By HospiMedica International staff writers
Posted on 30 Sep 2014
Patients with oropharyngeal cancer (OPC) resulting from human papillomavirus (HPV) show significantly higher rates of complete response on a post-radiation neck dissection, according to a new study.

Researchers at the Fox Chase Cancer Center (FCCC; Philadelphia, PA, USA) reviewed the medical records of 396 patients whose oropharyngeal tumors had spread to at least one lymph node. Within 180 days of completing radiation therapy, 146 of the patients underwent neck surgery to remove persistent lumps in their neck; of these, 99 patients had records that indicated whether or not their tumors had likely been triggered by HPV.

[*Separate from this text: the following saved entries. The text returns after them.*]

(* Consider a tiling of the sphere by $f>12$ angle congruent pentagons in which at most three distinct angle values occur at degree $3$ vertices. Then, after relabeling the distinct angle values, the complete set $S$ of angle combinations at degree $3$ vertices and the pentagon $P$ (multiset of the five angles of a tile) form one of the following pairs: - $S=\{\alpha^3\}$: $P=\alpha^4\beta$; - $S=\{\alpha\beta^2\}$: $P=\alpha^2\beta^3$ or $\alpha^3\beta^2$, or $P=\alpha^2\beta^2\gamma$; - $S=\{\alpha\beta\gamma,\alpha^3\}$: $P=\alpha^3\beta\gamma$ or $\alpha^2\beta^2\gamma$, or $P=\alpha^2\beta\gamma\delta$; - $S=\{\alpha\beta^2,\alpha^2\gamma\}$: $P=\alpha^3\beta\gamma$, $\alpha^2\beta^2\gamma$ or $\alpha^2\beta\gamma^2$, or $P=\alpha^2\beta\gamma\delta$; - $S=\{\alpha\beta^2,\gamma^3\}$: $P=\alpha^2\beta^2\gamma$, $\alpha^2\beta\gamma^2$, $\alpha\beta^3\gamma$, $\alpha\beta^2\gamma^2$ or $\alpha\beta\gamma^3$, or $P=\alpha\beta^2\gamma\delta$ or $\alpha\beta\gamma^2\delta$. In each case, the angle values named are pairwise distinct, and in the listed pentagons the last angle letter not occurring in $S$ (namely $\beta$ in the first case, $\gamma$ in $\alpha^2\beta^2\gamma$ of the second case, and $\delta$ in the others) denotes an angle value that appears at no degree $3$ vertex; all other letters are exactly the values occurring in $S$.
   Context: A spherical tiling by angle congruent pentagons is a graph embedded in the sphere whose faces (tiles) are all pentagons, edge-to-edge with every vertex of degree at least $3$; each corner carries a positive real angle, the angles at each vertex sum to $2\pi$, and every tile has the same multiset of five angles. Multiplicative notation is used for multisets: e.g. $\alpha\beta^2$ is a degree $3$ vertex with corner angles $\alpha,\beta,\beta$, and $\alpha^2\beta\gamma\delta$ is a pentagon with angles $\alpha,\alpha,\beta,\gamma,\delta$. $f$ is the number of tiles. *)

From Stdlib Require Import Reals List Permutation.
From HB Require Import structures.
From mathcomp Require Import all_boot all_fingroup.
Set Implicit Arguments. Unset Strict Implicit. Unset Printing Implicit Defensive.

(* A spherical tiling is encoded as a (connected, oriented) combinatorial map
   on a finite set D of darts:
   - s : rotation of darts around their vertex; vertices = orbits of s;
   - a : the edge involution (fixed-point free); edges = orbits of a;
   - face_perm s a = (x |-> s (a x)); tiles (faces) = orbits of face_perm.
   Each dart x corresponds bijectively to a corner: the corner of the tile
   (face orbit of x) at the vertex (s-orbit of x).  ang x is the angle there. *)

Definition face_perm (D : finType) (s a : {perm D}) : {perm D} := (a * s)%g.

Definition vertices (D : finType) (s a : {perm D}) : {set {set D}} := porbits s.
Definition edges (D : finType) (s a : {perm D}) : {set {set D}} := porbits a.
Definition tiles (D : finType) (s a : {perm D}) : {set {set D}} :=
  porbits (face_perm s a).

Definition ntiles (D : finType) (s a : {perm D}) : nat := #|tiles s a|.

Definition angles (D : finType) (ang : D -> R) (X : {set D}) : list R :=
  map ang (enum X).

Definition deg3 (D : finType) (s a : {perm D}) (V : {set D}) : bool :=
  (V \in vertices s a) && (#|V| == 3).

Definition tile_angles (D : finType) (s a : {perm D}) (ang : D -> R)
  (P : list R) : Prop :=
  forall F, F \in tiles s a -> Permutation P (angles ang F).

Definition deg3_vertex_types (D : finType) (s a : {perm D}) (ang : D -> R)
  (S : list (list R)) : Prop :=
  (forall V, deg3 s a V -> exists c, List.In c S /\ Permutation c (angles ang V)) /\
  (forall c, List.In c S -> exists V, deg3 s a V /\ Permutation c (angles ang V)).

Record angle_congruent_pentagonal_tiling (D : finType) (s a : {perm D})
    (ang : D -> R) : Prop := {
  edge_involutive : forall x, a (a x) = x;
  edge_no_fixpoint : forall x, a x != x;
  map_connected : forall x y, connect (fun u v => (v == s u) || (v == a u)) x y;
  (* Euler characteristic 2: with connectedness, the surface is the sphere *)
  euler_sphere : #|vertices s a| + #|tiles s a| = #|edges s a| + 2;
  vertex_degree : forall V, V \in vertices s a -> 3 <= #|V|;
  tiles_pentagons : forall F, F \in tiles s a -> #|F| = 5;
  (* each tile is a (simple) pentagon: its 5 corners are at 5 distinct vertices *)
  tiles_simple : forall F V, F \in tiles s a -> V \in vertices s a ->
                   #|F :&: V| <= 1;
  angle_pos : forall x, Rlt R0 (ang x);
  vertex_angle_sum : forall V, V \in vertices s a ->
                   \big[Rplus/R0]_(x in V) ang x = Rmult 2 PI;
  angle_congruent : exists P : list R, tile_angles s a ang P
}.

(* Euler's formula together with
   2e = 5f gives v3 >= f + 8 for the number v3 of degree 3 vertices
   ([deg3_count_lower_bound]).  Hence if a weight w on angle values gives
   every degree 3 vertex weight at least K > 0, then
   K (f + 8) <= K v3 <= (sum of w over all corners) = f w(P),
   so the pentagon P has weight w(P) > K ([weight_bound]).  Taking for w the
   indicator of one or several values bounds their multiplicities in P. *)
From Stdlib Require Import Reals List Permutation.
From HB Require Import structures.
From mathcomp Require Import all_boot all_fingroup.
From Stdlib Require Import Lra Classical.
From mathcomp Require Import zify.
Set Implicit Arguments. Unset Strict Implicit.
Delimit Scope R_scope with Re.
(* Let $E$ be a directed graph and let the graph inverse semigroup $G(E)$ carry a Hausdorff topology making it a topological semigroup. Then $G(E)$ embeds (as a subsemigroup and topological subspace) into a compact topological semigroup $S$ if and only if $G(E)$ is compact.
   Context: All spaces are Hausdorff. A directed graph $E=(E^0,E^1,r,s)$ has vertices $E^0$, edges $E^1$, and source/range maps $s,r:E^1\to E^0$; paths are vertices and sequences of edges $e_1\ldots e_n$ with $r(e_i)=s(e_{i+1})$. The graph inverse semigroup $G(E)$ is the semigroup with zero $0$ generated by $E^0$, $E^1$, $E^{-1}=\{e^{-1}\mid e\in E^1\}$ subject to: for $a,b\in E^0$, $e,f\in E^1$: $ab=a$ if $a=b$, else $0$; $s(e)e=er(e)=e$; $e^{-1}s(e)=r(e)e^{-1}=e^{-1}$; $e^{-1}f=r(e)$ if $e=f$, else $0$. Non-zero elements are uniquely $uv^{-1}$ with $u,v$ paths and $r(u)=r(v)$. *)

From Stdlib Require Import List ClassicalEpsilon.
Import ListNotations.
Set Implicit Arguments.

Section GraphInverseSemigroup.
Variables (V Ed : Type) (s r : Ed -> V).

(* A path is a pair (x, [e1;...;en]): the vertex x when n = 0, otherwise the
   edge sequence e1...en starting at x = s(e1).  *)
Definition path := (V * list Ed)%type.

Fixpoint walk (x : V) (l : list Ed) : Prop :=
  match l with [] => True | e :: l' => s e = x /\ walk (r e) l' end.

Fixpoint rngf (x : V) (l : list Ed) : V :=
  match l with [] => x | e :: l' => rngf (r e) l' end.

Definition valid_path (p : path) : Prop := walk (fst p) (snd p).
Definition rng (p : path) : V := rngf (fst p) (snd p).

(* raw elements: None = 0, Some (u, v) = u v^{-1} *)
Definition raw := option (path * path).

Definition valid_raw (a : raw) : Prop :=
  match a with
  | None => True
  | Some (u, v) => valid_path u /\ valid_path v /\ rng u = rng v
  end.

Definition prefix (v w : path) : Prop :=
  fst v = fst w /\ exists p, snd w = snd v ++ p.

Definition dec (P : Prop) : bool :=
  if excluded_middle_informative P then true else false.

(* (u v^{-1}) (w z^{-1}) =  u p z^{-1}       if w = v p,
                            u (z q)^{-1}     if v = w q,
                            0                otherwise. *)
Definition mulraw (a b : raw) : raw :=
  match a, b with
  | Some (u, v), Some (w, z) =>
      if dec (prefix v w) then
        Some ((fst u, snd u ++ skipn (length (snd v)) (snd w)), z)
      else if dec (prefix w v) then
        Some (u, (fst z, snd z ++ skipn (length (snd w)) (snd v)))
      else None
  | _, _ => None
  end.

Lemma walk_app x l1 l2 : walk x (l1 ++ l2) <-> walk x l1 /\ walk (rngf x l1) l2.
Proof.
  revert x; induction l1 as [|e l1 IH]; intro x; simpl.
  - tauto.
  - rewrite IH; tauto.
Qed.

Lemma rngf_app x l1 l2 : rngf x (l1 ++ l2) = rngf (rngf x l1) l2.
Proof. revert x; induction l1; intro x; simpl; auto. Qed.

Lemma skipn_prefix (l1 p : list Ed) : skipn (length l1) (l1 ++ p) = p.
Proof. induction l1; simpl; auto. Qed.

Lemma dec_true P : dec P = true -> P.
Proof. unfold dec; destruct (excluded_middle_informative P); congruence. Qed.
Lemma mul_frame_mx p (e : 'rV[R]_3) :
  e *m frame_mx p = e 0 0 *: zvec p + e 0 1 *: tvec p + e 0 2%:R *: evec.
Proof.
rewrite mulmx_sum_row !big_ord_recr big_ord0 !rowK /= add0r.
by congr (_ *: _ + _ *: _ + _ *: _); congr (e _ _); apply: val_inj.
Qed.

Lemma vec5E v : v = vec5 (x v) (y v) (phi v) (r v) (alpha v).
Proof.
apply/rowP => -[[|[|[|[|[|//]]]]] lt_j5]; rewrite mxE /=; congr (v _ _); exact: val_inj.
Qed.

Lemma B1_differentiable p : differentiable (@B1 R) p.
Proof. by rewrite B1_tfield; exact: tfield_differentiable. Qed.

Lemma B2_differentiable p : differentiable (@B2 R) p.
Proof. by rewrite B2_tfield; exact: tfield_differentiable. Qed.

Lemma velocities_inj p v : r p != 0 ->
  'D_v (@B1 R) p = 0 -> 'D_v (@B2 R) p = 0 -> alpha v = 0 -> v = 0.
Proof.
rewrite derive_B1 derive_B2 => r_neq0 /rowP B1v /rowP B2v alpha_v0.
move: (B1v i0) (B1v i1) (B2v i0) (B2v i1); rewrite !mxE /= => e1x e1y e2x e2y.
have x_v0 : x v = 0 by lra.
have y_v0 : y v = 0 by lra.
have e_cos : r v * cos (phi p) = r p * sin (phi p) * phi v by lra.
have e_sin : r v * sin (phi p) = - (r p * cos (phi p) * phi v) by lra.
have r_v0 : r v = 0.
  have -> : r v = cos (phi p) * (r v * cos (phi p)) + sin (phi p) * (r v * sin (phi p)).
    by ring: (cos2sin2 (phi p)).
  by rewrite e_cos e_sin; ring.
have phi_v0 : phi v = 0.
  suff /eqP : r p * phi v = 0 by rewrite mulf_eq0 (negbTE r_neq0) => /eqP.
  have -> : r p * phi v = sin (phi p) * (r p * sin (phi p) * phi v)
                          + cos (phi p) * (r p * cos (phi p) * phi v).
    by ring: (cos2sin2 (phi p)).
  have -> : r p * cos (phi p) * phi v = - (r v * sin (phi p)) by lra.
  by rewrite -e_cos r_v0; ring.
rewrite [v]vec5E x_v0 y_v0 phi_v0 r_v0 alpha_v0; apply/rowP => j.
by rewrite !mxE (_ : [:: 0; 0; 0; 0; 0] = nseq 5 0) // nth_nseq if_same.
Qed.

Lemma Dist_decomp p v : r p != 0 -> Dist p v ->
  exists a b, v = a *: zvec p + b *: tvec p + alpha v *: evec.
Proof.
move=> r_neq0 [/parallel_unitP [k1 B1v] /parallel_unitP [k2 B2v]].
exists ((k2 - k1) / 2), ((k1 + k2) / (2 * r p)).
apply/eqP; rewrite -subr_eq0; apply/eqP.
apply: (velocities_inj r_neq0).
- rewrite derive_dirB; last exact: B1_differentiable.
  have -> := derive_B1_frame p ((k2 - k1) / 2) ((k1 + k2) / (2 * r p)) (alpha v).
  rewrite (_ : r p * _ - _ = k1); last by field.
  by apply/eqP; rewrite subr_eq0 B1v.
- rewrite derive_dirB; last exact: B2_differentiable.
  have -> := derive_B2_frame p ((k2 - k1) / 2) ((k1 + k2) / (2 * r p)) (alpha v).
  rewrite (_ : r p * _ + _ = k2); last by field.
  by apply/eqP; rewrite subr_eq0 B2v.
- by rewrite !mxE /=; ring.
Qed.

Lemma Dist_rank3 p : r p != 0 ->
  row_free (frame_mx p) /\ (forall v, Dist p v <-> (v <= frame_mx p)%MS).
Proof.
move=> r_neq0; split.
  apply/inj_row_free => e; rewrite mul_frame_mx => e_frame0.
  have := derive_B1_frame p (e 0 0) (e 0 1) (e 0 2%:R).
  have := derive_B2_frame p (e 0 0) (e 0 1) (e 0 2%:R).
  rewrite e_frame0 !derive0 => /esym/scale_unit_vec2_eq0 k2 /esym/scale_unit_vec2_eq0 k1.
  have e00 : e 0 0 = 0 by lra.
  have e01 : e 0 1 = 0.
    suff /eqP : r p * e 0 1 = 0 by rewrite mulf_eq0 (negbTE r_neq0) => /eqP.
    lra.
  have e02 : e 0 2%:R = 0.
    by move/rowP: e_frame0 => /(_ i_alpha); rewrite !mxE /= e00 e01; lra.
  apply/rowP => -[[|[|[|//]]] lt_i3]; rewrite mxE;
    [rewrite -[RHS]e00 | rewrite -[RHS]e01 | rewrite -[RHS]e02];
    by congr (e _ _); apply: val_inj.
move=> v; split => [Dv | /submxP [e ->]]; last by rewrite mul_frame_mx; exact: Dist_frame.
have [a [b v_eq]] := Dist_decomp r_neq0 Dv.
apply/submxP; exists (\row_(i < 3) nth 0 [:: a; b; alpha v] i).
by rewrite mul_frame_mx !mxE -v_eq.
Qed.

Definition zvec_alpha p : 'rV[R]_5 :=
  vec5 (- sin (phi p) * cos (alpha p)) (cos (phi p) * cos (alpha p)) 0 (- sin (alpha p)) 0.
Definition tvec_alpha p : 'rV[R]_5 :=
  vec5 (- r p * cos (phi p) * sin (alpha p)) (- r p * sin (phi p) * sin (alpha p))
       (cos (alpha p)) 0 0.

Definition alpha_field (q : 'rV[R]_5) : 'rV[R]_5 := evec.
Definition modulated (f : R -> R) (V : 'rV[R]_5 -> 'rV[R]_5) q := f (alpha q) *: V q.

Definition zvec_terms (j : 'I_5) : term R :=
  nth (TCst 0) [:: TMul (TMul (TCst (-1)) (TSin i_phi)) (TSin i_alpha);
                   TMul (TCos i_phi) (TSin i_alpha); TCst 0; TCos i_alpha; TCst 0] j.
Definition tvec_terms (j : 'I_5) : term R :=
  nth (TCst 0) [:: TMul (TMul (TCoord i_r) (TCos i_phi)) (TCos i_alpha);
                   TMul (TMul (TCoord i_r) (TSin i_phi)) (TCos i_alpha);
                   TSin i_alpha; TCst 0; TCst 0] j.

Lemma zvec_tfield : zvec = tfield zvec_terms.
Proof.
apply/funext => q; apply/rowP => -[[|[|[|[|[|//]]]]] ?]; rewrite !mxE /=; ring.
Qed.

Lemma tvec_tfield : tvec = tfield tvec_terms.
Proof.
apply/funext => q; apply/rowP => -[[|[|[|[|[|//]]]]] ?]; rewrite !mxE /=; ring.
Qed.

Lemma modulated_tfield f t E : (forall q, f (alpha q) = teval t q) ->
  modulated f (tfield E) = tfield (fun j => TMul t (E j)).
Proof. by move=> ft; apply/funext => q; apply/rowP => j; rewrite !mxE /= ft. Qed.

Definition phi_periodic (V : 'rV[R]_5 -> 'rV[R]_5) :=
  forall q, V (q + (2 * pi) *: unitvec R i_phi) = V q.
Definition alpha_alternating (V : 'rV[R]_5 -> 'rV[R]_5) :=
  forall q, V (q + pi *: unitvec R i_alpha) = - V q.

Lemma shift_coordE q c (i j : 'I_5) :
  (q + c *: unitvec R i) ord0 j = q ord0 j + (if j == i then c else 0).
Proof. by rewrite !mxE; case: (j == i) => /=; rewrite ?mulr1n ?mulr0n ?mulr1 ?mulr0. Qed.

Lemma zvec_phi_periodic : phi_periodic zvec.
Proof.
by move=> q; rewrite /zvec !shift_coordE /= !addr0 mulr_natl sinD2pi cosD2pi.
Qed.

Lemma tvec_phi_periodic : phi_periodic tvec.
Proof.
by move=> q; rewrite /tvec !shift_coordE /= !addr0 mulr_natl sinD2pi cosD2pi.
Qed.

Lemma zvec_alpha_alternating : alpha_alternating zvec.
Proof.
move=> q; rewrite /zvec !shift_coordE /= !addr0 sinDpi cosDpi.
by apply/rowP => j; rewrite !mxE; case: j => -[|[|[|[|[|]]]]] //= _; ring.
Qed.

Lemma tvec_alpha_alternating : alpha_alternating tvec.
Proof.
move=> q; rewrite /tvec !shift_coordE /= !addr0 sinDpi cosDpi.
by apply/rowP => j; rewrite !mxE; case: j => -[|[|[|[|[|]]]]] //= _; ring.
Qed.

Lemma modulated_descends f V :
  alternating f pi -> phi_periodic V -> alpha_alternating V -> descends (modulated f V).
Proof.
move=> f_alt V_per V_alt q; rewrite /modulated V_per V_alt !shift_coordE /= !addr0.
by rewrite f_alt scaleNr scalerN opprK.
Qed.

Lemma Dist_zvec p : Dist p (zvec p).
Proof. by have := Dist_frame p 1 0 0; rewrite scale1r !scale0r !addr0. Qed.

Lemma Dist_tvec p : Dist p (tvec p).
Proof. by have := Dist_frame p 0 1 0; rewrite scale1r !scale0r add0r addr0. Qed.

Lemma DistZ p k v : r p != 0 -> Dist p v -> Dist p (k *: v).
Proof. by move=> /Dist_rank3 [_ DE] /DE Dv; apply/DE; exact: scalemx_sub. Qed.
(* Let $\mathbb F$ be a field, $q(x_1,\dots,x_6)=x_1x_2+x_3x_4+x_5x_6$ on $\mathbb F^6$, and let $Q^+(5,\mathbb F)$ be its polar space with line-Grassmannian $Q^+_2(5,\mathbb F)$. Then for every proper subfield $\mathbb F_0$ of $\mathbb F$, the line-Grassmannian $Q^+_2(5,\mathbb F)$ is not $\mathbb F_0$-generated.
   Context: For a subfield $\mathbb F_0$, the same polynomial defines a quadratic form on $\mathbb F_0^6\subseteq\mathbb F^6$ with polar space $Q^+(5,\mathbb F_0)$. Every totally singular 2-dimensional $\mathbb F_0$-subspace $L$ of $\mathbb F_0^6$ spans over $\mathbb F$ a totally singular 2-dimensional subspace $\langle L\rangle_{\mathbb F}$ of $\mathbb F^6$. The line-Grassmannian $Q^+_2(5,\mathbb F)$ has as points the totally singular 2-dimensional subspaces of $\mathbb F^6$ and as lines the sets $\{Z: X\subset Z\subset Y\}$ of such subspaces, for $X$ a totally singular 1-space and $Y$ a totally singular 3-space with $X\subset Y$. A subspace of a point-line geometry is a set of points containing every line that meets it in at least two points; the span is the smallest subspace containing a set. $Q^+_2(5,\mathbb F)$ is $\mathbb F_0$-generated if the span of $\{\langle L\rangle_{\mathbb F}: L \text{ a line of } Q^+(5,\mathbb F_0)\}$ in $Q^+_2(5,\mathbb F)$ is the whole point set. *)

From HB Require Import structures.
From mathcomp Require Import all_boot all_order all_algebra.
Set Implicit Arguments. Unset Strict Implicit. Unset Printing Implicit Defensive.
Import GRing.Theory.
Local Open Scope ring_scope.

The researchers found that patients with HPV often responded better to treatment for OPC than those without. The same trend suggested that those that tested positive for HPV—measured by the presence of a protein called p16—were less likely to have a recurrence of their cancers, regardless of whether or not the tumors had completely disappeared following treatment. Patients’ HPV status was also the strongest predictor of whether or not they were alive at the end of the study. The study was presented at the American Society for Radiation Oncology (ASRO) annual meeting, held during September 2014 in Chicago (IL, USA).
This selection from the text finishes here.